The plastic modulus, for bending around the x axis, is given by the general formula:

Z = A_c Y_c + A_t Y_t

where Y_c , the distance of the centroid of the compressive area from the plastic neutral axis and Y_t the respective distance of the centroid of the tensile area.

For the case of a rectangular cross-section, the plastic neutral axis passes through centroid, dividing the whole area into two equal parts. The compressive area would be a rectangle with dimensions b and h/2. Its centroid would be at a distance equal to h/4, from the x axis, as shown in the next figure. The same applies for the tensile area, too. Therefore, the plastic section modulus, of the rectangular section, under x-x bending, is found like this:

Z_x = b\frac{h}{2}\frac{h}{4} +b\frac{h}{2}\frac{h}{4}

which becomes:

Z_x = \frac{bh^2}{4}

Rectangular section: finding plastic modulus around x axis

Around y axis

With similar considerations, the plastic modulus, of the rectangular section, under y-y bending, can be found through the following formula:

Z_y = \frac{hb^2}{4}

Once again, this last equation can be derived from the plastic modulus Z_x , if we swap h for b and vice versa.

Radius of gyration

Radius of gyration R_g of a cross-section, relative to an axis, is given by the formula:

R_g = \sqrt{\frac{I}{A}}

where I the moment of inertia of the cross-section around the same axis and A its area.
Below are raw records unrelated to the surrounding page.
Lemma lockstep_loop_unfolded be c :
  label_of_bexp P be = true -> hardened c ->
  lockstep (Seq (If be (Seq (Seq (mask_then be) c) (hardened_loop be c)) Skip)
                (mask_else be)).
Proof.
  intros Hbe Hc r1 m1 r2 m2 b o1 o2 d c1 c2 r1' m1' b1 r2' m2' b2 R S1 S2.
  assert (Ebe : beval r1 be = beval r2 be)
    by (destruct R as (_ & _ & Hr & _); apply beval_pub_equiv with P; auto).
  assert (Hbranch : forall v : bool,
            hardened (Seq (if v then Seq (Seq (mask_then be) c) (hardened_loop be c) else Skip)
                          (mask_else be)))
    by (intros []; auto using hardened).
  inversion S1; subst; inversion S2; subst; try skip_stuck.
  do 2 match goal with H : spec_step (If _ _ _) _ _ _ _ _ _ _ _ _ |- _ =>
                         inversion H; subst; clear H end;
    rewrite Ebe.
  - do 3 (split; [reflexivity |]); split; [auto |].
    eapply related_change_command; [| exact R]; simpl; auto.
  - do 3 (split; [reflexivity |]); split; [auto |].
    destruct R as (I1 & I2 & R); split; [| split]; auto; intros _; right.
    + rewrite <- Ebe; apply mask_pending_forced_loop.
    + apply mask_pending_forced_loop.
Qed.

Lemma lockstep_loop_body be c c' :
  label_of_bexp P be = true -> hardened c -> lockstep c' ->
  lockstep (Seq (Seq c' (hardened_loop be c)) (mask_else be)).
Proof.
  intros Hbe Hc L' r1 m1 r2 m2 b o1 o2 d c1 c2 r1' m1' b1 r2' m2' b2 R S1 S2.
  inversion S1; subst; inversion S2; subst; try skip_stuck.
  do 2 match goal with H : spec_step (Seq _ (While _ _)) _ _ _ _ _ _ _ _ _ |- _ =>
                         inversion H; subst; clear H end;
    try skip_stuck.
  - assert (Rc' : related c' r1 m1 r2 m2 b).
    { eapply related_seq_l, related_seq_l; eauto; [| discriminate].
      eapply spec_step_not_skip; eauto. }
    match goal with
    | A : spec_step c' r1 _ _ _ _ _ _ _ _, B : spec_step c' r2 _ _ _ _ _ _ _ _ |- _ =>
        destruct (L' _ _ _ _ _ _ _ _ _ _ _ _ _ _ _ _ Rc' A B) as (-> & -> & -> & Hc' & R')
    end.
    do 3 (split; [reflexivity |]); split; auto using hardened, related_seq.
  - do 3 (split; [reflexivity |]); split; [auto using hardened |].
    eapply related_change_command; [| exact R]; simpl; auto.
Qed.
The dimensions of radius of gyration are [Length] . It describes how far from centroid the area is distributed. Small radius indicates a more compact cross-section. For a rectangular section substitution to the above expression gives the following radii of gyration, around centroidal axes x and y, respectively:

R_{gx} = \frac{h}{2\sqrt{3}}

R_{gy} = \frac{b}{2\sqrt{3}}

Circle is the shape with minimum radius of gyration, compared to any other section with the same area A.

Rectangular section formulas

The following table, includes the formulas, one can use to calculate the main mechanical properties of the rectangular section.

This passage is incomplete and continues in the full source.